Viruses are cellular parasites that need to enter cells to reproduce and are difficult to remove without destroying the host cells. Examples include the flu and AIDS.

Bacteria

Bacteria are prokaryotic unicellular organisms that can reproduce without invading other cells. Examples include tuberculosis and cholera.

Protozoa and Fungi

Protozoa are eukaryotic unicellular organisms, while fungi can be unicellular or multicellular. Examples include malaria and candidiasis.

Mechanism of Immune Response

  1. A germ is phagocytosed by a macrophage.
  2. Parts of the germ are exposed on the macrophage’s surface and presented to lymphocytes.
  3. Lymphocytes search for an effective antibody against the germ.
  4. If an antibody is found, the lymphocyte multiplies and produces specific antibodies against the germ.
  5. Other lymphocytes detect and destroy infected cells.

Antigens

Antigens are organisms or molecules that are recognized by and stimulate the immune system.

Antibodies

Antibodies are proteins produced by lymphocytes (white blood cells) and circulate in the blood plasma, where they attach to specific antigens and initiate their destruction.

Antibiotics

Antibiotics are chemicals of biological or synthetic origin that kill bacteria or prevent their multiplication. Dr. Fleming observed that contaminated lab cultures with a fungus had an uninfected area surrounding the fungus. After years of research, penicillin was isolated. Since then, other antibiotics have been discovered from living organisms and synthesized in laboratories.

Antivirals

Antivirals act on viruses. However, it is not easy to create a drug that can end a viral infection because viruses are not cells and reproduce inside cells. The few existing antiviral drugs aim to prevent the virus from entering the cell or spreading to other cells.

Drug Resistance

One factor influencing the emergence and re-emergence of infectious diseases is bacterial resistance to antibiotics. Resistance occurs through:

  • Mutation: Spontaneous changes in genetic makeup can confer resistance.
  • Gene Exchange: Bacteria can exchange genetic information, spreading resistance.
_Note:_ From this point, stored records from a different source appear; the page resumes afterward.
Variable R : numFieldType.
Implicit Types (x t : R) (s : seq R).

Definition pos_part x := (x + `|x|) / 2%:R.

Definition excess s t := \sum_(x <- s) pos_part (x - t).

Definition topk s k := \sum_(x <- take k (sort (fun x y : R => y <= x) s)) x.

Lemma pos_part_ge x : x \is Num.real -> x <= pos_part x.
Proof.
move=> xr; rewrite /pos_part ler_pdivlMr ?ltr0n // mulr_natr mulr2n lerD2l.
exact: real_ler_norm.
Qed.

Lemma pos_part_ge0 x : x \is Num.real -> 0 <= pos_part x.
Proof.
move=> xr; rewrite /pos_part divr_ge0 ?ler0n // addrC -lerBlDr sub0r.
by rewrite -normrN real_ler_norm ?rpredN.
Qed.

Lemma ger0_pos_part x : 0 <= x -> pos_part x = x.
Proof.
by move=> x0; rewrite /pos_part ger0_norm // -mulr2n -[x *+ 2]mulr_natr mulfK ?pnatr_eq0.
Qed.

Lemma ler0_pos_part x : x \is Num.real -> x <= 0 -> pos_part x = 0.
Proof. by move=> xr x0; rewrite /pos_part ler0_norm // subrr mul0r. Qed.

Lemma pos_part_sum_le (I : Type) (r : seq I) (c a : I -> R) :
  (forall i, 0 <= c i) ->
  pos_part (\sum_(i <- r) c i * a i) <= \sum_(i <- r) c i * pos_part (a i).
Proof.
move=> c0; rewrite /pos_part.
under [X in _ <= X]eq_bigr do rewrite mulrA mulrDr.
rewrite -mulr_suml big_split /= ler_wpM2r ?invr_ge0 ?ler0n // lerD2l.
apply: le_trans (ler_norm_sum _ _ _) _.
by apply: ler_sum => i _; rewrite normrM ger0_norm.
Qed.

Lemma excess_ge0 s t : t \is Num.real -> all (fun x => x \is Num.real) s ->
  0 <= excess s t.
Proof.
move=> tr /allP sr; rewrite /excess big_seq; apply: sumr_ge0 => x xs.
by rewrite pos_part_ge0 // rpredB // sr.
Qed.

Lemma sum_take_le_excess s k t : 0 <= t -> all (fun x => x \is Num.real) s ->
  \sum_(x <- take k s) x <= k%:R * t + excess s t.
Proof.
move=> t0; have tr := ger0_real t0.
elim: s k => [|x s IHs] [|k] sr; rewrite /= ?big_nil ?mul0r ?add0r.
- exact: excess_ge0.
- by rewrite addr_ge0 ?mulr_ge0 ?ler0n ?excess_ge0.
- exact: excess_ge0.
move: sr => /andP[xr sr]; rewrite /excess !big_cons -natr1 mulrDl mul1r.
rewrite [k%:R * t + t]addrC addrACA lerD ?IHs //.
by rewrite -lerBlDl pos_part_ge ?rpredB.
Qed.

Lemma sum_take_excess s k : sorted (fun x y : R => y <= x) s ->
  all (fun x => 0 <= x) s ->
  \sum_(x <- take k s) x = k%:R * nth 0 s k + excess s (nth 0 s k).
Proof.
have ge_trans : transitive (fun x y : R => y <= x).
  by move=> y x z xy yz; apply: le_trans yz xy.
elim: s k => [|x s IHs] k; first by rewrite /excess !big_nil nth_nil mulr0 addr0.
move=> srt /andP[x0 s0]; have /allP le_x := order_path_min ge_trans srt.
case: k => [|k] /=.
  rewrite big_nil mul0r add0r /excess big_cons subrr ger0_pos_part // add0r.
  rewrite big_seq big1 // => y ys.
  apply: ler0_pos_part; last by rewrite subr_le0 le_x.
  by rewrite rpredB ?ger0_real // (allP s0).
have le_tx : nth 0 s k <= x.
  by case: (ltnP k (size s)) => [/(mem_nth 0)/le_x | /(nth_default 0)->].
rewrite big_cons IHs ?(path_sorted srt) // /excess big_cons -natr1 mulrDl mul1r.
by rewrite ger0_pos_part ?subr_ge0 //; ring.
Qed.

Let ge_sort s := sort (fun x y : R => y <= x) s.

Lemma excess_sort s t : excess (ge_sort s) t = excess s t.
Proof. by apply: perm_big; rewrite perm_sort. Qed.

Lemma topk_le_excess s k t : 0 <= t -> all (fun x => x \is Num.real) s ->
  topk s k <= k%:R * t + excess s t.
Proof.
move=> t0 sr; rewrite -excess_sort; apply: sum_take_le_excess => //.
by rewrite all_sort.
Qed.

Lemma topk_excess_attained s k : all (fun x => 0 <= x) s ->
  exists2 t, 0 <= t & topk s k = k%:R * t + excess s t.
Proof.
move=> s0; have ss0 : all (fun x => 0 <= x) (ge_sort s) by rewrite all_sort.
exists (nth 0 (ge_sort s) k).
  case: (ltnP k (size (ge_sort s))) => [/(mem_nth 0)/(allP ss0) // | /(nth_default 0)->].
  exact: lexx.
rewrite -excess_sort; apply: sum_take_excess => //.
apply: (sort_sorted_in (P := fun x => 0 <= x)) => // x y x0 y0.
by rewrite orbC real_leVge ?ger0_real.
Qed.

Lemma topk_le_of_excess_le s s' :
  all (fun x => x \is Num.real) s -> all (fun x => 0 <= x) s' ->
  (forall t, 0 <= t -> excess s t <= excess s' t) ->
  forall k, topk s k <= topk s' k.
Proof.
move=> sr s'0 le_excess k; have [t t0 ->] := topk_excess_attained k s'0.
by apply: le_trans (topk_le_excess k t0 sr) _; rewrite lerD2l le_excess.
Qed.

End PositivePart.

Section DoublyStochastic.

Variables (R : numFieldType) (n : nat).
Implicit Types (S : 'M[R]_n) (a : 'I_n -> R).

Definition doubly_stochastic S :=
  [/\ forall i j, 0 <= S i j, forall i, \sum_j S i j = 1 & forall j, \sum_i S i j = 1].

Lemma sum_doubly_stochastic S a :
  doubly_stochastic S -> \sum_i \sum_j S i j * a j = \sum_j a j.
Proof.
by case=> _ _ colS; rewrite exchange_big; apply: eq_bigr => j _; rewrite -mulr_suml colS mul1r.
Qed.

Lemma doubly_stochastic_sum_le S (phi : R -> R) a : doubly_stochastic S ->
  (forall c : 'I_n -> R, (forall j, 0 <= c j) ->
     phi (\sum_j c j * a j) <= \sum_j c j * phi (a j)) ->
  \sum_i phi (\sum_j S i j * a j) <= \sum_j phi (a j).
Proof.
move=> dsS phi_convex; have [S_ge0 _ _] := dsS.
rewrite -(sum_doubly_stochastic (fun j => phi (a j)) dsS).
by apply: ler_sum => i _; apply: phi_convex => j; apply: S_ge0.
Qed.

Lemma sum_norm_doubly_stochastic_le S a : doubly_stochastic S ->
  \sum_i `|\sum_j S i j * a j| <= \sum_j `|a j|.
Proof.
move=> dsS; apply: doubly_stochastic_sum_le => // c c0.
apply: le_trans (ler_norm_sum _ _ _) _.
by apply: ler_sum => j _; rewrite normrM ger0_norm.
Qed.

Lemma excess_doubly_stochastic_le S a t : doubly_stochastic S ->
  \sum_i pos_part (\sum_j S i j * a j - t) <= \sum_j pos_part (a j - t).
Proof.
move=> dsS; have [_ rowS _] := dsS.
have shift i : \sum_j S i j * a j - t = \sum_j S i j * (a j - t).
  by under [RHS]eq_bigr do rewrite mulrBr; rewrite sumrB -mulr_suml rowS mul1r.
under eq_bigr do rewrite shift.
by apply: (doubly_stochastic_sum_le (phi := @pos_part R)) => // c; apply: pos_part_sum_le.
Qed.

End DoublyStochastic.

Section Adjoint.

Variable C : numClosedFieldType.

Lemma adjmx_trmx p q (A : 'M[C]_(p, q)) : adjmx A = map_mx Num.conj A^T.
Proof. exact: map_trmx. Qed.

Lemma adjmxK p q (A : 'M[C]_(p, q)) : adjmx (adjmx A) = A.
Proof. by apply/matrixP=> i j; rewrite !mxE conjCK. Qed.

Lemma adjmxM p q r (A : 'M[C]_(p, q)) (B : 'M[C]_(q, r)) :
  adjmx (A *m B) = adjmx B *m adjmx A.
Proof. by rewrite /adjmx map_mxM trmx_mul. Qed.

Lemma adjmxB p q (A B : 'M[C]_(p, q)) : adjmx (A - B) = adjmx A - adjmx B.
Proof. by apply/matrixP=> i j; rewrite !mxE rmorphB. Qed.

Lemma adjmx_diag p (d : 'rV[C]_p) : adjmx (diag_mx d) = diag_mx (map_mx Num.conj d).
Proof.
by apply/matrixP=> i j; rewrite !mxE; case: eqVneq => [->|]; rewrite ?mulr1n ?conjC0.
Qed.

Lemma adjmx_tens p q (A : 'M[C]_p) (B : 'M[C]_q) :
  adjmx (A *t B) = adjmx A *t adjmx B.
Proof. by rewrite /adjmx map_mxT trmx_tens. Qed.

Lemma unitaryC p (U : 'M[C]_p) : unitary U -> U *m adjmx U = 1%:M.
Proof. exact: mulmx1C. Qed.

Lemma unitary_adjmx p (U : 'M[C]_p) : unitary U -> unitary (adjmx U).
Proof. by rewrite /unitary adjmxK; apply: unitaryC. Qed.

Lemma unitaryM p (U V : 'M[C]_p) : unitary U -> unitary V -> unitary (U *m V).
Proof.
by rewrite /unitary adjmxM => UU VV; rewrite mulmxA -(mulmxA _ _ U) UU mulmx1.
Qed.

End Adjoint.

Lemma char_poly_conj (R : comUnitRingType) p (U V D : 'M[R]_p) :
  V *m U = 1%:M -> char_poly (U *m D *m V) = char_poly D.
Proof.
move=> VU; have UV : U *m V = 1%:M by apply: mulmx1C.
rewrite /char_poly /char_poly_mx.
have -> : 'X%:M - map_mx polyC (U *m D *m V) =
    map_mx polyC U *m ('X%:M - map_mx polyC D) *m map_mx polyC V.
  rewrite mulmxBr mulmxBl !map_mxM; congr (_ - _).
  by rewrite scalar_mxC -mulmxA -map_mxM UV map_mx1 mulmx1.
by rewrite !det_mulmx mulrC mulrA -det_mulmx -map_mxM VU map_mx1 det1 mul1r.
Qed.

Section Spectrum.

Variable C : numClosedFieldType.

Lemma perm_spec_unitary_diag p (U : 'M[C]_p) (d : 'rV[C]_p) : unitary U ->
  perm_eq (spec (U *m diag_mx d *m adjmx U)) [seq d 0 i | i <- enum 'I_p].
Proof.
move=> UU; apply: prod_XsubC_eq.
have /eqP <- := xchooseP (spec_exists (U *m diag_mx d *m adjmx U)).
rewrite char_poly_conj // char_poly_trig ?diag_mx_is_trig // big_map big_enum.
by apply: eq_bigr => i _; rewrite mxE eqxx mulr1n.
Qed.

Lemma trnorm_unitary_diag p (U : 'M[C]_p) (d : 'rV[C]_p) : unitary U ->
  trnorm (U *m diag_mx d *m adjmx U) = \sum_i `|d 0 i|.
Proof.
by move=> UU; rewrite /trnorm (perm_big _ (perm_spec_unitary_diag d UU)) big_map big_enum.
Qed.

Lemma hermitian_unitary_diag p (H : 'M[C]_p) : adjmx H = H ->
  exists U (d : 'rV[C]_p), unitary U /\ H = U *m diag_mx d *m adjmx U.
Proof.
move=> HH; have H_normal : H \is normalmx by apply/normalmxP; rewrite -adjmx_trmx HH.
have U_unitary := spectral_unitarymx H.
exists (adjmx (spectralmx H)), (spectral_diag H); rewrite adjmxK; split.
  by rewrite /unitary adjmxK adjmx_trmx; apply/unitarymxP.
by rewrite {1}(orthomx_spectralP H_normal) invmx_unitary // adjmx_trmx.
Qed.

End Spectrum.

Section Dephasing.

Variable C : numClosedFieldType.

Lemma conj_diag_mx_entry a b (K : 'M[C]_(a, b)) (h : 'rV[C]_b) i :
  (K *m diag_mx h *m adjmx K) i i = \sum_j `|K i j| ^+ 2 * h 0 j.
Proof. by rewrite mul_mx_diag !mxE; apply: eq_bigr => j _; rewrite !mxE normCK mulrAC. Qed.

Definition abs2mx p (U : 'M[C]_p) : 'M[C]_p := \matrix_(i, j) `|U i j| ^+ 2.

Lemma abs2mxE p (U : 'M[C]_p) i j : abs2mx U i j = `|U i j| ^+ 2.
Proof. exact: mxE. Qed.

Lemma unitary_doubly_stochastic p (U : 'M[C]_p) :
  unitary U -> doubly_stochastic (abs2mx U).
Proof.
move=> UU; split=> [i j | i | j]; rewrite ?mxE ?exprn_ge0 //.
- move/matrixP: (unitaryC UU) => /(_ i i); rewrite !mxE eqxx mulr1n => <-.
  by apply: eq_bigr => j _; rewrite !mxE normCK.
- move/matrixP: UU => /(_ j j); rewrite !mxE eqxx mulr1n => <-.
  by apply: eq_bigr => i _; rewrite !mxE normCK mulrC.
Qed.
(* Let $R$ be a Hecke symmetry with parameter $q$ on a finite dimensional vector space $V$, let $\mathbb T=\mathbb T(V)$ be the tensor algebra and $I$ its ideal generated by $\operatorname{Ker}(R-q\,\mathrm{id})\subset V^{\otimes2}$ (so $\Lambda(V,R)=\mathbb T/I$). Fix $n>1$ and put $L_k=\{a\in\mathbb T_k: a\,\mathbb T_{n-k}\subset I_n\}$ for $0\le k<n$, and $$y_k=\sum_{j=0}^{k-1}(-1)^{j}q^{\,k-1-j}\,T_1T_2\cdots T_j\in\mathcal H_k\quad(k>0),$$ (the $j=0$ term being $q^{k-1}$), acting on $\mathbb T_k=V^{\otimes k}$ via $R$. Then for $0<k<n$ one has $y_kL_k\subset V\otimes L_{k-1}$.
   Context: A Hecke symmetry with parameter $0\neq q\in\Bbbk$ on $V$ is a linear operator $R$ on $V\otimes V$ with $(R+\mathrm{id})(R-q\,\mathrm{id})=0$ and $(R\otimes\mathrm{id})(\mathrm{id}\otimes R)(R\otimes\mathrm{id})=(\mathrm{id}\otimes R)(R\otimes\mathrm{id})(\mathrm{id}\otimes R)$. The Hecke algebra $\mathcal H_k(q)$ acts on $V^{\otimes k}$ with $T_i$ acting by $\mathrm{id}^{\otimes(i-1)}\otimes R\otimes\mathrm{id}^{\otimes(k-i-1)}$. Subscripts denote homogeneous components; $\mathbb T_0=\Bbbk$. *)

(* V = K^d with its standard basis; V^{(x)k} = functions on
   k-tuples of basis indices. *)
From HB Require Import structures.
From mathcomp Require Import all_boot all_algebra.
Set Implicit Arguments. Unset Strict Implicit. Unset Printing Implicit Defensive.
Import GRing.Theory.
Local Open Scope ring_scope.

Section Hecke.
Variables (K : fieldType) (d : nat).

Definition tensor (k : nat) := {ffun k.-tuple 'I_d -> K^o}.
HB.instance Definition _ k := GRing.Lmodule.on (tensor k).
The selection and spread of resistant bacteria are facilitated by:

  • Incorrect treatments (overuse or insufficient use of antibiotics)
  • Use of antibiotics in plants and other animals

New Drugs

Preclinical Research and Development

Natural substances are selected, or new molecules are designed and tested for activity and toxicity.

Clinical Stage

Testing is done in three phases with volunteers:

  1. Phase 1: Small groups of healthy volunteers to check for harmful effects.
  2. Phase 2: Small group of untreated patients to assess efficacy and dosage.
  3. Phase 3: Larger group of patients if previous requirements are met.

How Does the Flu Virus Work and Multiply?

The flu virus is characterized by:

  • Genetic information distributed in 8 small RNA molecules.
  • An envelope carrying two types of molecules that define virus types.

Multiplication:

  1. The virus attaches to a cell membrane.
  2. The virus enters the cell by endocytosis.
  3. Viral and cell membranes fuse, releasing viral RNA.
  4. The cell makes copies of the viral genetic information and builds new viruses.

Why Does the Flu Vaccine Change?

Influenza viruses constantly change due to mutations in their genes. These mutations can alter the envelope molecules, rendering previous antibodies ineffective.

Surveillance Networks

To track the evolution and detect new disease germs, worldwide surveillance systems have been implemented. The WHO has developed the GOARN alert system, which centralizes information from public authorities, researchers, and NGOs.

Prevention of Bioterrorism

To prevent possible attacks, many countries have implemented prevention programs ranging from laboratory surveillance to vaccine storage to address germs before they affect an unimmunized population. However, the risks are limited by the difficulty of such attacks.